→ **What to do**
In the material below, find the line that contains "light e I) #|I|." and the line that contains "(* Let x and", then write out exactly those two lines and everything between them.
** Opening Task data block **
(* Let $G$ be a connected finite simple graph. If $G$ has a cut-vertex, then $\alpha^*(G)\geq 2$.
   Context: An independent set $I$ of $G$ is light if $\sum_{u\in I}d_G(u)\le |V(G)|-1$; $\alpha^*(G)$ is the maximum size of a light independent set of $G$. *)

From mathcomp Require Import all_boot.
Set Implicit Arguments. Unset Strict Implicit. Unset Printing Implicit Defensive.

Definition simple_graph (T : finType) (e : rel T) : Prop :=
  symmetric e /\ irreflexive e.

Definition deg (T : finType) (e : rel T) (x : T) : nat := #|[set y | e x y]|.

Definition connected_graph (T : finType) (e : rel T) : Prop :=
  forall x y : T, connect e x y.

Definition del_vertex (T : finType) (e : rel T) (v : T) : rel T :=
  [rel a b | [&& e a b, a != v & b != v]].

Definition cut_vertex (T : finType) (e : rel T) (v : T) : Prop :=
  exists x y : T, [/\ x != v, y != v & ~~ connect (del_vertex e v) x y].

Definition independent (T : finType) (e : rel T) (I : {set T}) : bool :=
  [forall x in I, forall y in I, ~~ e x y].

Definition light (T : finType) (e : rel T) (I : {set T}) : bool :=
  independent e I && (\sum_(u in I) deg e u <= #|T| - 1).

Definition alpha_star (T : finType) (e : rel T) : nat :=
  \max_(I : {set T} | light e I) #|I|.

From mathcomp Require Import all_boot.

Set Implicit Arguments.
Unset Strict Implicit.
Unset Printing Implicit Defensive.

(* Let x and y lie in different components of G - v, and let C be the
   component of x.  Every neighbour of x lies in C or is v, so
   deg x <= |C|; every neighbour of y lies outside C and differs from y,
   so deg y < |V \ C|.  Hence deg x + deg y <= |V| - 1, and {x, y} is a
   light independent set (x and y are not adjacent, being disconnected
   in G - v). *)

Section DeletedVertexComponent.

Variables (T : finType) (e : rel T).
Hypotheses (esym : symmetric e) (eirr : irreflexive e).
Variables (v x : T).
Hypothesis xv : x != v.

Let C := [set z | connect (del_vertex e v) x z].

Lemma mem_component : x \in C.
Proof. by rewrite inE connect0. Qed.

Lemma component_neq_vertex z : z \in C -> z != v.
Proof.
rewrite inE => /connectP [p]; elim: p x xv => [|a p IH] b bv /=.
  by move=> _ ->.
by case/andP => /and3P [_ _ av] pa; apply: IH.
Qed.

Lemma component_closed a b : a \in C -> e a b -> b != v -> b \in C.
Proof.
move=> aC eab bv; have av := component_neq_vertex aC.
rewrite !inE in aC *; apply: connect_trans aC _; apply: connect1.
by rewrite /del_vertex /= eab av bv.
Qed.

Lemma deg_le_component : deg e x <= #|C|.
Proof.
have vC : v \notin C by apply/negP => /component_neq_vertex; rewrite eqxx.
have sub : [set z | e x z] \subset v |: (C :\ x).
  apply/subsetP => z; rewrite inE in_setU1 in_setD1 => exz.
  have [//|zv /=] := eqVneq z v.
  rewrite (component_closed mem_component exz zv) andbT.
  by apply: contraTneq exz => ->; rewrite eirr.
have := subset_leq_card sub.
by rewrite cardsU1 in_setD1 (negbTE vC) andbF (cardsD1 x C) mem_component.
Qed.

Lemma deg_lt_outside_component y :
  y \notin C -> y != v -> deg e y < #|~: C|.
Proof.
move=> yC yv.
have sub : [set z | e y z] \subset ~: C :\ y.
  apply/subsetP => z; rewrite inE in_setD1 in_setC => eyz.
  apply/andP; split; first by apply: contraTneq eyz => ->; rewrite eirr.
  apply: contra yC => zC; apply: component_closed zC _ yv.
  by rewrite esym.
have := subset_leq_card sub.
by rewrite (cardsD1 y (~: C)) in_setC yC.
Qed.

End DeletedVertexComponent.

Lemma light_pair (T : finType) (e : rel T) (x y : T) :
  simple_graph e -> x != y -> ~~ e x y -> deg e x + deg e y < #|T| ->
  light e [set x; y].
Proof.
move=> [esym eirr] xy nexy degs.
apply/andP; split.
  apply/forallP => a; apply/implyP; rewrite !inE => /orP [] /eqP ->;
  apply/forallP => b; apply/implyP; rewrite !inE => /orP [] /eqP ->;
  by rewrite ?eirr // esym.
rewrite big_setU1 /= ?inE ?(negbTE xy) // big_set1.
by rewrite subn1 -ltnS prednK // (leq_ltn_trans _ degs).
Qed.

Lemma light_card_le_alpha_star (T : finType) (e : rel T) (I : {set T}) :
  light e I -> #|I| <= alpha_star e.
Proof. exact: (@leq_bigmax_cond _ (light e) (fun I : {set T} => #|I|)). Qed.

Theorem lemma2p3 (T : finType) (e : rel T) :
  simple_graph e -> connected_graph e -> (exists v : T, cut_vertex e v) ->
  2 <= alpha_star e.
Proof.
move=> G _ [v [x [y [xv yv nxy]]]]; have [esym eirr] := G.
set C := [set z | connect (del_vertex e v) x z].
have yC : y \notin C by rewrite inE.
have xy : x != y by apply: contraNneq yC => <-; apply: mem_component.
have nexy : ~~ e x y.
  by apply: contra nxy => exy; apply: connect1; rewrite /del_vertex /= exy xv yv.
have degs : deg e x + deg e y < #|T|.
  rewrite -(cardsC C) -addnS leq_add ?deg_le_component //.
  exact: deg_lt_outside_component.
have := light_card_le_alpha_star (light_pair G xy nexy degs).
by rewrite cards2 xy.
Qed.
** Closing Task data block **
→ **Answer**
  \max_(I : {set T} | light e I) #|I|.

From mathcomp Require Import all_boot.

Set Implicit Arguments.
Unset Strict Implicit.
Unset Printing Implicit Defensive.

(* Let x and y lie in different components of G - v, and let C be the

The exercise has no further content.